[Collected data entries]
(* Let $b\ge2$ be an integer. (1) For any nonempty subset $S$ of $\mathbb{Z}$, the $b$-exponent sequence $(\alpha_k(S,b))_{k=0}^\infty$ is weakly increasing: $\alpha_{k+1}(S,b)\ge\alpha_k(S,b)$ for all $k\ge0$. (2) For any nonempty subset $S$ of $\mathbb{Z}$ and any nonnegative integers $k,\ell$, $\alpha_{k+\ell}(S,b)\ge\alpha_k(S,b)+\alpha_\ell(S,b)$. (3) If $S_1\subseteq S_2\subseteq\mathbb{Z}$ with $S_1$ nonempty, then $\alpha_k(S_1,b)\ge\alpha_k(S_2,b)$ for every $k\ge0$.
   Context: For $b\ge2$ and $a\in\mathbb{Z}$, $\operatorname{ord}_b(a)$ is the largest $k\in\mathbb{N}$ with $b^k\mid a$ ($+\infty$ for $a=0$). For nonempty $S\subseteq\mathbb{Z}$, a $b$-ordering of $S$ is a sequence $(a_i)_{i\ge0}$ in $S$ such that for each $i\ge1$, $a_i$ attains $\min_{a'\in S}\sum_{j=0}^{i-1}\operatorname{ord}_b(a'-a_j)$; the $b$-exponent sequence of $S$ is $\alpha_k(S,b):=\sum_{j=0}^{k-1}\operatorname{ord}_b(a_k-a_j)$ for any $b$-ordering (independent of the choice). *)

From mathcomp Require Import all_boot all_order all_algebra.
Set Implicit Arguments. Unset Strict Implicit. Unset Printing Implicit Defensive.
Import Order.TTheory GRing.Theory Num.Theory.

Inductive enat := Fin of nat | Inf.

Definition eadd (x y : enat) : enat :=
  match x, y with Fin m, Fin n => Fin (m + n) | _, _ => Inf end.

Definition ele (x y : enat) : bool :=
  match x, y with
  | _, Inf => true
  | Inf, Fin _ => false
  | Fin m, Fin n => (m <= n)%N
  end.

(* ord_b(a): the largest k with b^k | a, and +oo for a = 0.
   For a <> 0 any such k satisfies k <= |a| (since b >= 2), so the
   maximum over k < |a|+1 is the largest such k. *)
Definition ord_b (b : nat) (a : int) : enat :=
  if a == 0%R then Inf
  else Fin (\max_(k < `|a|%N.+1 | (b ^ k %| `|a|%N)%N) (k : nat)).

Fixpoint psum (b : nat) (x : int) (a : nat -> int) (i : nat) : enat :=
  match i with
  | 0 => Fin 0
  | i'.+1 => eadd (psum b x a i') (ord_b b (x - a i')%R)
  end.

Definition is_b_ordering (b : nat) (S : int -> Prop) (a : nat -> int) : Prop :=
  (forall i, S (a i)) /\
  (forall i, (1 <= i)%N -> forall a', S a' -> ele (psum b (a i) a i) (psum b a' a i)).

(* alpha_k(S,b) computed from the b-ordering a of S. *)
Definition alpha_of (b : nat) (a : nat -> int) (k : nat) : enat := psum b (a k) a k.

(* Everything rests on one inequality: if R is the initial segment of length k
   of a b-ordering of S, then every list Y of at most k integers admits some
   s in S with sum_(y in Y) ord_b(s - y) <= alpha_k(S,b).  Taking for Y
   initial segments of b-orderings gives (1), (2) and (3) at once.
   The inequality is proved by splitting along residues mod b: for x, y both
   congruent to r, ord_b(x - y) = 1 + ord_b(x/b - y/b), so the part of a
   b-ordering lying in the class of r, divided by b, is again a b-ordering of
   the rescaled class.  A pigeonhole argument on residues finds a pivot of R
   whose class holds at least as many earlier points of R as points of Y, and
   one recurses in that class, where alpha + k has decreased. *)
From HB Require Import structures.
From mathcomp Require Import all_boot all_order all_algebra.
From mathcomp Require Import zify ring.
Set Implicit Arguments. Unset Strict Implicit. Unset Printing Implicit Defensive.
Import Order.TTheory GRing.Theory Num.Theory.

Lemma eaddA : associative eadd.
Proof. by case=> [m|] [n|] [p|] //=; rewrite addnA. Qed.

Lemma eaddC : commutative eadd.
Proof. by case=> [m|] [n|] //=; rewrite addnC. Qed.

Lemma add0e : left_id (Fin 0) eadd.
Proof. by case. Qed.

HB.instance Definition _ := Monoid.isComLaw.Build enat (Fin 0) eadd eaddA eaddC add0e.

Lemma ele_refl x : ele x x.
Proof. by case: x => /=. Qed.

Lemma ele_trans : transitive ele.
Proof. by case=> [n|] [m|] [p|] //=; apply: leq_trans. Qed.

Lemma ele_Inf x : ele x Inf.
Proof. by case: x. Qed.

Lemma ele0 x : ele (Fin 0) x.
Proof. by case: x. Qed.

Lemma ele_add x x' y y' : ele x x' -> ele y y' -> ele (eadd x y) (eadd x' y').
Proof. by case: x x' y y' => [?|] [?|] [?|] [?|] //=; apply: leq_add. Qed.

Lemma ele_addl x y : ele y (eadd x y).
Proof. by rewrite -{1}[y]add0e; apply: ele_add (ele0 x) (ele_refl y). Qed.

Lemma ele_addr x y : ele x (eadd x y).
Proof. by rewrite eaddC; apply: ele_addl. Qed.

Lemma ele_add2l m x y : ele (eadd (Fin m) x) (eadd (Fin m) y) = ele x y.
Proof. by case: x y => [?|] [?|] //=; rewrite leq_add2l. Qed.

Lemma split_count (T : Type) (P : pred T) (s : seq T) m : m < count P s ->
  exists s1 x s2, [/\ s = s1 ++ x :: s2, P x & count P s2 = m].
Proof.
elim: s => [|x s IH] //=; case Px: (P x) => /=; last first.
  by move/IH=> [s1 [y [s2 [-> Py cnt_s2]]]]; exists (x :: s1), y, s2.
rewrite ltnS leq_eqVlt => /predU1P[-> | /IH[s1 [y [s2 [-> Py cnt_s2]]]]].
  by exists [::], x, s.
by exists (x :: s1), y, s2.
Qed.

Lemma perm_count_leq (T : eqType) (s1 s2 : seq T) : size s2 <= size s1 ->
  (forall x, count_mem x s1 <= count_mem x s2) -> perm_eq s1 s2.
Proof.
move=> le_s21 /count_subseqP[s sub_s2 pe_s1]; suff /eqP <- : s == s2 by [].
rewrite -(size_subseq_leqif sub_s2).2 eqn_leq size_subseq //=.
by rewrite -(perm_size pe_s1).
Qed.

Section Valuation.
Variable b : nat.
Hypothesis hb : 1 < b.

Lemma ord_bP a : a != 0%R ->
  exists2 m, ord_b b a = Fin m & forall n, (b ^ n %| `|a|) = (n <= m).
Proof.
move=> a0; rewrite /ord_b (negbTE a0).
set P := fun k : 'I_`|a|.+1 => b ^ k %| `|a|.
have P0 : P ord0 by rewrite /P expn0 dvd1n.
rewrite (bigop.bigmax_eq_arg ord0 P0); case: arg_maxnP => //= m Pm m_max.
exists m => // n; apply/idP/idP => [Pn | le_nm]; last first.
  exact: dvdn_trans (dvdn_exp2l b le_nm) Pm.
have n_small : n < `|a|.+1.
  by rewrite ltnS (leq_trans (ltnW (ltn_expl n hb))) // dvdn_leq // absz_gt0.
exact: (m_max (Ordinal n_small)).
Qed.

Lemma ord_b_mulb z : ord_b b (z * b%:Z)%R = eadd (Fin 1) (ord_b b z).
Proof.
have [->|z0] := eqVneq z 0%R; first by rewrite mul0r /ord_b eqxx.
have zb0 : (z * b%:Z != 0)%R by rewrite mulf_neq0 // eqz_nat -lt0n ltnW.
have [m -> dvd_z] := ord_bP z0; have [m' -> dvd_zb] := ord_bP zb0.
have shift n : (n.+1 <= m') = (n <= m).
  by rewrite -dvd_zb -dvd_z abszM expnSr dvdn_pmul2r // ltnW.
congr Fin; apply/eqP; rewrite add1n eqn_leq shift leqnn andbT.
by case: m' {dvd_zb} shift => // m' shift; rewrite ltnS -shift.
Qed.

Lemma ord_b_ndvd z : ~~ (b %| `|z|) -> ord_b b z = Fin 0.
Proof.
move=> ndvd; have z0 : z != 0%R by apply: contraNneq ndvd => ->.
have [m -> dvd_z] := ord_bP z0.
by move: ndvd; rewrite -{1}[b]expn1 dvd_z; case: m {dvd_z}.
Qed.

End Valuation.

Section Residues.
Variable b : nat.
Hypothesis hb : 1 < b.
Local Open Scope ring_scope.

Definition ord_sum (x : int) (R : seq int) : enat :=
  \big[eadd/Fin 0]_(y <- R) ord_b b (x - y).

Definition fiber (S : int -> Prop) (r : int) : int -> Prop :=
  fun x => S (x * b%:Z + r).

Definition fiber_seq (r : int) (R : seq int) : seq int :=
  [seq (y %/ b)%Z | y <- R & (y %% b)%Z == r].

Let b_gt0 : 0 < b%:Z.
Proof. by rewrite ltz_nat ltnW. Qed.

Lemma ord_sum_nil x : ord_sum x [::] = Fin 0.
Proof. exact: big_nil. Qed.

Lemma ord_sum_cons x y R : ord_sum x (y :: R) = eadd (ord_b b (x - y)) (ord_sum x R).
Proof. exact: big_cons. Qed.

Lemma ord_sum_cat x R1 R2 :
  ord_sum x (R1 ++ R2) = eadd (ord_sum x R1) (ord_sum x R2).
Proof. exact: big_cat. Qed.

Lemma modz_range x : 0 <= (x %% b)%Z < b%:Z.
Proof. by rewrite modz_ge0 ?ltz_pmod ?gt_eqF. Qed.

Lemma modz_fiber x r : 0 <= r < b%:Z -> ((x * b%:Z + r) %% b)%Z = r.
Proof. by move=> r_range; rewrite modzMDl modz_small. Qed.

Lemma divz_fiber x r : 0 <= r < b%:Z -> ((x * b%:Z + r) %/ b)%Z = x.
Proof.
by move=> r_range; rewrite divzMDl ?gt_eqF // divz_small ?addr0.
Qed.

Lemma fiber_seq_cons r y R : fiber_seq r (y :: R) =
  if (y %% b)%Z == r then (y %/ b)%Z :: fiber_seq r R else fiber_seq r R.
Proof. by rewrite /fiber_seq /=; case: ifP. Qed.

Lemma size_fiber_seq r R :
  size (fiber_seq r R) = count_mem r [seq (y %% b)%Z | y <- R].
Proof. by rewrite size_map size_filter count_map. Qed.

Lemma ord_sum_fiber x R : ord_sum x R =
  eadd (Fin (size (fiber_seq (x %% b)%Z R)))
       (ord_sum (x %/ b)%Z (fiber_seq (x %% b)%Z R)).
Proof.
elim: R => [|y R IH]; first by rewrite !ord_sum_nil.
rewrite fiber_seq_cons ord_sum_cons IH.
case: ifP => [/eqP y_x | y_x]; last first.
  rewrite ord_b_ndvd ?add0e //.
  by rewrite -[b]/(`|b%:Z|%N) -dvdzE -eqz_mod_dvd eq_sym y_x.
have -> : x - y = ((x %/ b)%Z - (y %/ b)%Z) * b%:Z.
  by rewrite {1}(divz_eq x b) {1}(divz_eq y b) y_x; ring.
rewrite ord_b_mulb // ord_sum_cons /=.
by case: ord_b => [m|]; case: ord_sum => [n|] //=; congr Fin; lia.
Qed.

(* The list R is read backwards: its head is the point chosen last. *)
Fixpoint greedy (S : int -> Prop) (R : seq int) : Prop :=
  if R is y :: R' then
    [/\ greedy S R', S y & forall x, S x -> ele (ord_sum y R') (ord_sum x R')]
  else True.

Lemma greedy_catr S R1 R2 : greedy S (R1 ++ R2) -> greedy S R2.
Proof. by elim: R1 => //= y R1 IH [/IH]. Qed.

Lemma greedy_fiber S r R : 0 <= r < b%:Z ->
  greedy S R -> greedy (fiber S r) (fiber_seq r R).
Proof.
move=> r_range; elim: R => //= y R IH [gR Sy y_min]; rewrite fiber_seq_cons.
case: ifP => [/eqP y_r | _]; last exact: IH.
split; [exact: IH | by rewrite /fiber -y_r -divz_eq | move=> x' Sx'].
have := y_min _ Sx'.
rewrite [ord_sum y _]ord_sum_fiber [ord_sum (_ + _) _]ord_sum_fiber.
by rewrite y_r modz_fiber // divz_fiber // ele_add2l.
Qed.

Lemma greedy_pivot S x0 R Y : greedy S (x0 :: R) -> (size Y <= size R)%N ->
  exists z L, [/\ greedy S (z :: L),
    (size (fiber_seq (z %% b)%Z Y) <= size (fiber_seq (z %% b)%Z L))%N
    & ele (ord_sum z L) (ord_sum x0 R)].
Proof.
move=> gx0R le_YR; have [gR Sx0 _] := gx0R.
pose res (L : seq int) := [seq (y %% b)%Z | y <- L].
pose fewer y := (count_mem (y %% b)%Z (res Y) < count_mem (y %% b)%Z (res R))%N.
have [/hasP[y0 _] | /hasPn R_le] := boolP (has fewer R).
  (* Pivot at the point y of the class of y0 that was chosen after exactly as
     many points of that class as Y contains. *)
  rewrite /fewer [X in (_ < X)%N]count_map.
  case/split_count=> [R2 [y [R1 [def_R /eqP y_y0 cnt_R1]]]].
  have gyR1 : greedy S (y :: R1) by apply: (@greedy_catr S R2); rewrite -def_R.
  exists y, R1; split=> //.
    by rewrite !size_fiber_seq y_y0 !count_map cnt_R1 /res count_map.
  have [_ _ y_min] := gyR1; apply: ele_trans (y_min _ Sx0) _.
  rewrite def_R ord_sum_cat ord_sum_cons.
  exact: ele_trans (ele_addl _ _) (ele_addl _ _).
(* Otherwise R and Y have the same residues with multiplicities. *)
exists x0, R; split; rewrite ?ele_refl // !size_fiber_seq.
suff /permP -> : perm_eq (res R) (res Y) by [].
apply: perm_count_leq => [|k]; first by rewrite !size_map.
have [/mapP[y yR ->] | kR] := boolP (k \in res R); first by rewrite leqNgt (R_le y yR).
by rewrite (count_memPn kR).
Qed.

Lemma greedy_min_le_rec N S x0 R Y : greedy S (x0 :: R) -> (size Y <= size R)%N ->
  ele (eadd (ord_sum x0 R) (Fin (size R))) (Fin N) ->
  exists2 x, S x & ele (ord_sum x Y) (ord_sum x0 R).
Proof.
elim: N S x0 R Y => [|N IH] S x0 R Y gx0R le_YR bound.
  case: Y le_YR => [|y Y] /= le_YR.
    by exists x0; [case: gx0R | rewrite ord_sum_nil ele0].
  by case: ord_sum bound => //= n; lia.
have [-> | Yn0] := eqVneq Y [::].
  by exists x0; [case: gx0R | rewrite ord_sum_nil ele0].
have R_gt0 : (0 < size R)%N by rewrite (leq_trans _ le_YR) // lt0n size_eq0.
have [z [L [gzL le_YL zL_le]]] := greedy_pivot gx0R le_YR.
have r_range := modz_range z; set r := (z %% b)%Z in le_YL r_range.
have [x' Sx' x'_le] : exists2 x', fiber S r x' &
    ele (ord_sum x' (fiber_seq r Y)) (ord_sum (z %/ b)%Z (fiber_seq r L)).
  (* The measure drops: it becomes ord_sum z L <= ord_sum x0 R, and R <> [::]. *)
  apply: IH le_YL _.
    by have := greedy_fiber r_range gzL; rewrite fiber_seq_cons eqxx.
  rewrite eaddC -ord_sum_fiber; apply: ele_trans zL_le _.
  by case: ord_sum bound => //= n; lia.
exists (x' * b%:Z + r) => //; apply: ele_trans zL_le.
rewrite ord_sum_fiber modz_fiber // divz_fiber // [ord_sum z L]ord_sum_fiber.
by apply: ele_add x'_le.
Qed.

Lemma greedy_min_le S x0 R Y : greedy S (x0 :: R) -> (size Y <= size R)%N ->
  exists2 x, S x & ele (ord_sum x Y) (ord_sum x0 R).
Proof.
move=> gx0R le_YR; case E: (ord_sum x0 R) => [n|]; last first.
  by exists x0; [case: gx0R | apply: ele_Inf].
rewrite -E; apply: (@greedy_min_le_rec (n + size R)) => //.
by rewrite E /=.
Qed.

Lemma psumE x a k : psum b x a k = ord_sum x (rev (mkseq a k)).
Proof.
elim: k => [|k IH] /=; first by rewrite ord_sum_nil.
by rewrite mkseqS rev_rcons ord_sum_cons -IH eaddC.
Qed.

Lemma greedy_b_ordering S a k : is_b_ordering b S a -> greedy S (rev (mkseq a k)).
Proof.
case=> Sa a_min; elim: k => [|k IH] //; rewrite mkseqS rev_rcons; split => // x Sx.
case: k {IH} => [|k]; first by rewrite ord_sum_nil ele0.
by rewrite -!psumE; apply: a_min.
Qed.

Lemma alpha_le_psum S a k x : is_b_ordering b S a -> S x ->
  ele (alpha_of b a k) (psum b x a k).
Proof.
move=> ordS Sx; have := greedy_b_ordering k.+1 ordS.
by rewrite mkseqS rev_rcons /alpha_of !psumE => -[_ _]; apply.
Qed.

Lemma exists_ord_sum_le_alpha S a k Y : is_b_ordering b S a -> (size Y <= k)%N ->
  exists2 x, S x & ele (ord_sum x Y) (alpha_of b a k).
Proof.
move=> ordS le_Yk; have := greedy_b_ordering k.+1 ordS.
rewrite mkseqS rev_rcons /alpha_of psumE => /greedy_min_le; apply.
by rewrite size_rev size_mkseq.
Qed.

End Residues.

Theorem proposition5p4 (b : nat) (hb : (2 <= b)%N) :
  (forall (S : int -> Prop) (a : nat -> int),
      (exists x, S x) -> is_b_ordering b S a ->
      forall k : nat, ele (alpha_of b a k) (alpha_of b a k.+1)) /\
  (forall (S : int -> Prop) (a : nat -> int),
      (exists x, S x) -> is_b_ordering b S a ->
      forall k l : nat,
        ele (eadd (alpha_of b a k) (alpha_of b a l)) (alpha_of b a (k + l))) /\
  (forall (S1 S2 : int -> Prop) (a1 a2 : nat -> int),
      (exists x, S1 x) -> (forall x, S1 x -> S2 x) ->
      is_b_ordering b S1 a1 -> is_b_ordering b S2 a2 ->
      forall k : nat, ele (alpha_of b a2 k) (alpha_of b a1 k)).
Proof.
split; [|split].
- move=> S a _ ordS k; have [Sa _] := ordS.
  exact: ele_trans (alpha_le_psum k ordS (Sa k.+1)) (ele_addr _ _).
- move=> S a _ ordS k l.
  have [|x Sx x_le] := exists_ord_sum_le_alpha hb (k := k + l)
    (Y := rev (mkseq a k) ++ rev (mkseq a l)) ordS.
    by rewrite size_cat !size_rev !size_mkseq.
  apply: ele_trans x_le; rewrite ord_sum_cat -!psumE.
  exact: ele_add (alpha_le_psum k ordS Sx) (alpha_le_psum l ordS Sx).
- move=> S1 S2 a1 a2 _ S12 ord1 ord2 k.
  have [|x S1x x_le] := exists_ord_sum_le_alpha hb (k := k) (Y := rev (mkseq a2 k)) ord1.
    by rewrite size_rev size_mkseq.
  by apply: ele_trans (alpha_le_psum k ord2 (S12 _ S1x)) _; rewrite psumE.
Qed.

TASK GOAL: As listed above, the lines from the line with "(* The list" to the line with "exists y, R1; split=> //." are to be echoed exactly, with both ends included and nothing added.

ANSWER AREA:
(* The list R is read backwards: its head is the point chosen last. *)
Fixpoint greedy (S : int -> Prop) (R : seq int) : Prop :=
  if R is y :: R' then
    [/\ greedy S R', S y & forall x, S x -> ele (ord_sum y R') (ord_sum x R')]
  else True.

Lemma greedy_catr S R1 R2 : greedy S (R1 ++ R2) -> greedy S R2.
Proof. by elim: R1 => //= y R1 IH [/IH]. Qed.

Lemma greedy_fiber S r R : 0 <= r < b%:Z ->
  greedy S R -> greedy (fiber S r) (fiber_seq r R).
Proof.
move=> r_range; elim: R => //= y R IH [gR Sy y_min]; rewrite fiber_seq_cons.
case: ifP => [/eqP y_r | _]; last exact: IH.
split; [exact: IH | by rewrite /fiber -y_r -divz_eq | move=> x' Sx'].
have := y_min _ Sx'.
rewrite [ord_sum y _]ord_sum_fiber [ord_sum (_ + _) _]ord_sum_fiber.
by rewrite y_r modz_fiber // divz_fiber // ele_add2l.
Qed.

Lemma greedy_pivot S x0 R Y : greedy S (x0 :: R) -> (size Y <= size R)%N ->
  exists z L, [/\ greedy S (z :: L),
    (size (fiber_seq (z %% b)%Z Y) <= size (fiber_seq (z %% b)%Z L))%N
    & ele (ord_sum z L) (ord_sum x0 R)].
Proof.
move=> gx0R le_YR; have [gR Sx0 _] := gx0R.
pose res (L : seq int) := [seq (y %% b)%Z | y <- L].
pose fewer y := (count_mem (y %% b)%Z (res Y) < count_mem (y %% b)%Z (res R))%N.
have [/hasP[y0 _] | /hasPn R_le] := boolP (has fewer R).
  (* Pivot at the point y of the class of y0 that was chosen after exactly as
     many points of that class as Y contains. *)
  rewrite /fewer [X in (_ < X)%N]count_map.
  case/split_count=> [R2 [y [R1 [def_R /eqP y_y0 cnt_R1]]]].
  have gyR1 : greedy S (y :: R1) by apply: (@greedy_catr S R2); rewrite -def_R.
  exists y, R1; split=> //.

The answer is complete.